→ WORK TO COMPLETE
Copy the lines below exactly, starting at the line that contains "intros k j _;" and stopping after the last line, and include no other lines.

→ Collected data entries

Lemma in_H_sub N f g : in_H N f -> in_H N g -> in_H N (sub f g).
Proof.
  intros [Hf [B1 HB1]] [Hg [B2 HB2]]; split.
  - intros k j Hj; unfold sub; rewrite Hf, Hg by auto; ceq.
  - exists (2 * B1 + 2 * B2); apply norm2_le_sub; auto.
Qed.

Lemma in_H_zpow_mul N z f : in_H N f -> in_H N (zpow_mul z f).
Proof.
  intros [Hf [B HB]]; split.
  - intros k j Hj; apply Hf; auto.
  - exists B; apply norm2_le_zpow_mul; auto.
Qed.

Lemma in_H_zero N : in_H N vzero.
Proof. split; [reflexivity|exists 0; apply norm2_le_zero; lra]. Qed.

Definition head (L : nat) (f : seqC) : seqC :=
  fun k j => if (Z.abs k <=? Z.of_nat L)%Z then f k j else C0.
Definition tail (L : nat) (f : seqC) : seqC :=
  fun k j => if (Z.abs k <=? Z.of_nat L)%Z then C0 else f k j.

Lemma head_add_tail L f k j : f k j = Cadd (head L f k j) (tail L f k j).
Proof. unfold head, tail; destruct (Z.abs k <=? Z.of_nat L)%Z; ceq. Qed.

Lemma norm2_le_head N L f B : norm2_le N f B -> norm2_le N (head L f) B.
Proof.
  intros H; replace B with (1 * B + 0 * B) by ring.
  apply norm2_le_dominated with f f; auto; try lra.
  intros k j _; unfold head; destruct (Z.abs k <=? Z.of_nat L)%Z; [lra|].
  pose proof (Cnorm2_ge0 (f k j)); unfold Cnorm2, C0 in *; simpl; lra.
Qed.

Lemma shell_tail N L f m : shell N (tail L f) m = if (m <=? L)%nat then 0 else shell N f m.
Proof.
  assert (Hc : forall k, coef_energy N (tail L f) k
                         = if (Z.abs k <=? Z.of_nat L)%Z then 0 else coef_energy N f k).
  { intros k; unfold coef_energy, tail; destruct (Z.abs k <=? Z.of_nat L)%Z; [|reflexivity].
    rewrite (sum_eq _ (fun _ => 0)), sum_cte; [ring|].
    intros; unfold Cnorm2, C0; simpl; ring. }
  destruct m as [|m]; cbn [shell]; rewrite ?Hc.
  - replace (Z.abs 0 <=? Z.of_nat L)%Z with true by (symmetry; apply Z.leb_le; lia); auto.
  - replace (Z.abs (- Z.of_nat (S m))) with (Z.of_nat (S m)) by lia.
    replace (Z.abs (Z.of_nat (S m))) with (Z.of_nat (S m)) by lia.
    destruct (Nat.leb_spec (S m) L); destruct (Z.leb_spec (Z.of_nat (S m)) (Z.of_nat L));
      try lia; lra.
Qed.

→ RESULT BELOW
  intros k j _; unfold head; destruct (Z.abs k <=? Z.of_nat L)%Z; [lra|].
  pose proof (Cnorm2_ge0 (f k j)); unfold Cnorm2, C0 in *; simpl; lra.
Qed.

Lemma shell_tail N L f m : shell N (tail L f) m = if (m <=? L)%nat then 0 else shell N f m.
Proof.
  assert (Hc : forall k, coef_energy N (tail L f) k
                         = if (Z.abs k <=? Z.of_nat L)%Z then 0 else coef_energy N f k).
  { intros k; unfold coef_energy, tail; destruct (Z.abs k <=? Z.of_nat L)%Z; [|reflexivity].
    rewrite (sum_eq _ (fun _ => 0)), sum_cte; [ring|].
    intros; unfold Cnorm2, C0; simpl; ring. }
  destruct m as [|m]; cbn [shell]; rewrite ?Hc.
  - replace (Z.abs 0 <=? Z.of_nat L)%Z with true by (symmetry; apply Z.leb_le; lia); auto.
  - replace (Z.abs (- Z.of_nat (S m))) with (Z.of_nat (S m)) by lia.
    replace (Z.abs (Z.of_nat (S m))) with (Z.of_nat (S m)) by lia.
    destruct (Nat.leb_spec (S m) L); destruct (Z.leb_spec (Z.of_nat (S m)) (Z.of_nat L));
      try lia; lra.
Qed.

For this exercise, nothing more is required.